Only the lines of the data below from the one with "have vT_neq0 : v^T != 0." through the one with "move=> K_unit; apply/eqmxP;" are wanted. Repeat them exactly.

---------- DATA PROVIDED ----------

Lemma sym_posdef_unit (R : numFieldType) n (S : 'M[R]_n) : sym_posdef S -> S \in unitmx.
Proof.
case=> _ S_pos; rewrite unitmxE unitfE; apply/negP => /det0P[v v_neq0 vS].
have vT_neq0 : v^T != 0.
  by apply: contra_neq v_neq0 => /(congr1 trmx); rewrite trmxK trmx0.
by move: (S_pos _ vT_neq0); rewrite trmxK vS mul0mx mxE ltxx.
Qed.

Lemma row_free_tr_orthonormal (F : fieldType) m n (L : 'M[F]_(m, n)) :
  L^T *m L = 1%:M -> row_free L^T.
Proof.
by move=> LL; rewrite /row_free eqn_leq rank_leq_row -{1}(mxrank1 F n) -LL mxrankM_maxl.
Qed.

Lemma row_free_tr_unit_mul (F : fieldType) m n (S : 'M[F]_m) (X : 'M[F]_(m, n)) :
  S \in unitmx -> row_free X^T -> row_free (S *m X)^T.
Proof.
by move=> S_unit X_free; rewrite /row_free trmx_mul mxrankMfree // row_free_unit unitmx_tr.
Qed.

Lemma thin_svd_factor_unit (R : numFieldType) a r (X U : 'M[R]_(a, r)) (Sig V : 'M[R]_r) :
  thin_svd X U Sig V -> row_free X^T -> Sig *m V^T \in unitmx.
Proof.
case=> _ [_ [_ XE]] X_free; rewrite -row_free_unit /row_free eqn_leq rank_leq_row /=.
by rewrite -{1}(eqP X_free) mxrank_tr XE -mulmxA mxrankM_maxr.
Qed.

Lemma colspace_eq_mulmx_unit (F : fieldType) a r (X : 'M[F]_(a, r)) (K : 'M[F]_r) :
  K \in unitmx -> colspace_eq (X *m K) X.
Proof.
move=> K_unit; apply/eqmxP; rewrite trmx_mul; apply: eqmxMfull.
by rewrite row_full_unit unitmx_tr.
Qed.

----------

SOLVED EXERCISE
have vT_neq0 : v^T != 0.
  by apply: contra_neq v_neq0 => /(congr1 trmx); rewrite trmxK trmx0.
by move: (S_pos _ vT_neq0); rewrite trmxK vS mul0mx mxE ltxx.
Qed.

Lemma row_free_tr_orthonormal (F : fieldType) m n (L : 'M[F]_(m, n)) :
  L^T *m L = 1%:M -> row_free L^T.
Proof.
by move=> LL; rewrite /row_free eqn_leq rank_leq_row -{1}(mxrank1 F n) -LL mxrankM_maxl.
Qed.

Lemma row_free_tr_unit_mul (F : fieldType) m n (S : 'M[F]_m) (X : 'M[F]_(m, n)) :
  S \in unitmx -> row_free X^T -> row_free (S *m X)^T.
Proof.
by move=> S_unit X_free; rewrite /row_free trmx_mul mxrankMfree // row_free_unit unitmx_tr.
Qed.

Lemma thin_svd_factor_unit (R : numFieldType) a r (X U : 'M[R]_(a, r)) (Sig V : 'M[R]_r) :
  thin_svd X U Sig V -> row_free X^T -> Sig *m V^T \in unitmx.
Proof.
case=> _ [_ [_ XE]] X_free; rewrite -row_free_unit /row_free eqn_leq rank_leq_row /=.
by rewrite -{1}(eqP X_free) mxrank_tr XE -mulmxA mxrankM_maxr.
Qed.

Lemma colspace_eq_mulmx_unit (F : fieldType) a r (X : 'M[F]_(a, r)) (K : 'M[F]_r) :
  K \in unitmx -> colspace_eq (X *m K) X.
Proof.
move=> K_unit; apply/eqmxP; rewrite trmx_mul; apply: eqmxMfull.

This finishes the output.